▶ [DESCRIPTION OF THE TASK] Each line from the material with the word "reflT" in it must be copied.

--------------------

(* Suppose $G$ is an abelian complex reflection group, and let $T$ and $V$ be length-$n$ reflection factorizations which generate $G$, factor the same element of $G$, and have the same multiset of conjugacy classes. Then $T$ and $V$ are Hurwitz equivalent.
   Context: A complex reflection group is a finite group of linear transformations of a complex vector space generated by reflections (linear maps whose fixed space has codimension $1$). A reflection factorization of $g\in G$ of length $n$ is a tuple $(r_1,\dots,r_n)$ of reflections in $G$ with $r_1\cdots r_n=g$; it generates $\langle r_1,\dots,r_n\rangle$. The Hurwitz move $\sigma_i$ ($1\le i<n$) sends $(r_1,\dots,r_n)$ to $(r_1,\dots,r_{i-1},r_{i+1},r_{i+1}^{-1}r_ir_{i+1},r_{i+2},\dots,r_n)$; two factorizations are Hurwitz equivalent if one is obtained from the other by a finite sequence of Hurwitz moves. The multiset of conjugacy classes of a factorization generating $G$ is the multiset of $G$-conjugacy classes of its entries. *)

From HB Require Import structures.
From mathcomp Require Import all_boot all_order all_algebra all_fingroup all_solvable.
From mathcomp Require Import all_field all_character.
From Stdlib Require Import Relation_Operators.
Set Implicit Arguments. Unset Strict Implicit. Unset Printing Implicit Defensive.
Import GRing.Theory.
Local Open Scope ring_scope.

(* A complex reflection group is modelled as an abstract finite group G
   together with a faithful complex representation rG : G -> GL_d(algC);
   G is identified with its (isomorphic) image rG(G) <= GL_d(C). *)

Section Reflections.
Variables (gT : finGroupType) (G : {group gT}) (d : nat).
Variable rG : mx_representation algC G d.

Definition reflection_in (g : gT) : bool :=
  (g \in G) && (\rank (rG g - 1%:M)%R == 1)%N.

Definition complex_reflection_group : bool :=
  mx_faithful rG && (G == <<[set g in G | reflection_in g]>>)%g.

Definition reflection_factorization (n : nat) (g : gT) (T : seq gT) : Prop :=
  [/\ size T = n, all reflection_in T & (\prod_(r <- T) r)%g = g].

Definition generates (T : seq gT) : Prop := (<<[set x in T]>>)%g = G :> {set gT}.

Definition same_class_multiset (T V : seq gT) : bool :=
  perm_eq [seq (x ^: G)%g | x <- T] [seq (x ^: G)%g | x <- V].
End Reflections.

Section Hurwitz.
Variable gT : finGroupType.

(* Hurwitz move sigma_{i+1} (0-based index i):
   (.., r_i, r_{i+1}, ..) |-> (.., r_{i+1}, r_{i+1}^-1 r_i r_{i+1}, ..);
   in mathcomp, x ^ y = y^-1 * x * y. *)
Definition hurwitz_move (i : nat) (s : seq gT) : seq gT :=
  take i s ++ [:: nth 1%g s i.+1; (nth 1%g s i ^ nth 1%g s i.+1)%g] ++ drop i.+2 s.

Definition hurwitz_step (s t : seq gT) : Prop :=
  exists2 i : nat, (i.+1 < size s)%N & t = hurwitz_move i s.

Definition hurwitz_equiv : seq gT -> seq gT -> Prop :=
  clos_refl_trans (seq gT) hurwitz_step.
End Hurwitz.

From mathcomp Require Import all_boot all_order all_algebra all_fingroup all_solvable.
From mathcomp Require Import all_field all_character.
From Stdlib Require Import Relation_Operators.

(* In an abelian group conjugation is trivial, so a Hurwitz move merely swaps
   two adjacent entries; adjacent swaps generate all permutations.  Conjugacy
   classes are singletons, so having the same multiset of classes means being
   permutations of each other. *)

Set Implicit Arguments.
Unset Strict Implicit.
Unset Printing Implicit Defensive.

Section HurwitzPermutations.
Variable gT : finGroupType.
Implicit Types (x : gT) (s t : seq gT).

Lemma hurwitz_equiv_cons x s t :
  hurwitz_equiv s t -> hurwitz_equiv (x :: s) (x :: t).
Proof.
elim=> [u v [i lt_i ->] | u | u v w _ IHuv _ IHvw].
- by apply: rt_step; exists i.+1.
- exact: rt_refl.
- exact: rt_trans IHuv IHvw.
Qed.

Lemma hurwitz_equiv_commute_head x t1 t2 :
  {in t1, forall y, commute x y} ->
  hurwitz_equiv (x :: t1 ++ t2) (t1 ++ x :: t2).
Proof.
elim: t1 => [|y t1 IH] /= cx_t1; first exact: rt_refl.
apply: (@rt_trans _ _ _ (y :: x :: t1 ++ t2)).
  apply: rt_step; exists 0%N => //.
  rewrite /hurwitz_move /= drop0; congr [:: _, _ & _].
  by apply/esym/conjg_fixP/commgP/cx_t1/mem_head.
by apply/hurwitz_equiv_cons/IH => z z_t1; apply: cx_t1; rewrite inE z_t1 orbT.
Qed.

Lemma perm_hurwitz_equiv s t :
  {in s &, forall x y, commute x y} -> perm_eq s t -> hurwitz_equiv s t.
Proof.
elim: s t => [|x s IH] t cs st.
  by move: st; rewrite perm_sym => /perm_nilP ->; exact: rt_refl.
have x_t : x \in t by rewrite -(perm_mem st) mem_head.
case/splitPr: x_t st => t1 t2 st; have s_t12 : perm_eq s (t1 ++ t2).
  by rewrite -(perm_cons x) (perm_trans st) // -cat1s perm_catCA.
have s_sub : {subset s <= x :: s} by move=> z z_s; rewrite inE z_s orbT.
apply: (@rt_trans _ _ _ (x :: t1 ++ t2)).
  by apply/hurwitz_equiv_cons/IH => // y z /s_sub y_s /s_sub z_s; apply: cs.
apply: hurwitz_equiv_commute_head => y y_t1; apply: cs; first exact: mem_head.
by rewrite (perm_mem st) mem_cat y_t1.
Qed.

End HurwitzPermutations.

Lemma same_class_multiset_abelian (gT : finGroupType) (G : {group gT}) (T V : seq gT) :
  abelian G -> all (mem G) T -> all (mem G) V ->
  same_class_multiset G T V = perm_eq T V.
Proof.
move=> /abelian_classP classG TG VG.
have classes1 s : all (mem G) s -> [seq x ^: G | x <- s]%g = [seq [set x] | x <- s].
  by move=> sG; apply/eq_in_map => x /(allP sG)/classG.
rewrite /same_class_multiset (classes1 T TG) (classes1 V VG).
by apply/idP/idP; [apply: perm_map_inj; exact: set1_inj | apply: perm_map].
Qed.

Lemma reflections_in_group (gT : finGroupType) (G : {group gT}) (d : nat)
  (rG : mx_representation algC G d) (T : seq gT) :
  all (reflection_in rG) T -> all (mem G) T.
Proof. by apply: sub_all => x /andP[]. Qed.

Theorem proposition3p1 (gT : finGroupType) (G : {group gT}) (d : nat)
  (rG : mx_representation algC G d) (n : nat) (g : gT) (T V : seq gT) :
  complex_reflection_group rG -> abelian G ->
  reflection_factorization rG n g T -> reflection_factorization rG n g V ->
  generates G T -> generates G V ->
  same_class_multiset G T V ->
  hurwitz_equiv T V.
Proof.
move=> _ abG [_ reflT _] [_ reflV _] _ _.
have TG := reflections_in_group reflT; have VG := reflections_in_group reflV.
rewrite (same_class_multiset_abelian abG TG VG) => TV.
apply: perm_hurwitz_equiv TV => x y /(allP TG) xG /(allP TG) yG.
exact: (centsP abG).
Qed.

--------------------

▶ [WRITTEN RESPONSE]
move=> _ abG [_ reflT _] [_ reflV _] _ _.
have TG := reflections_in_group reflT; have VG := reflections_in_group reflV.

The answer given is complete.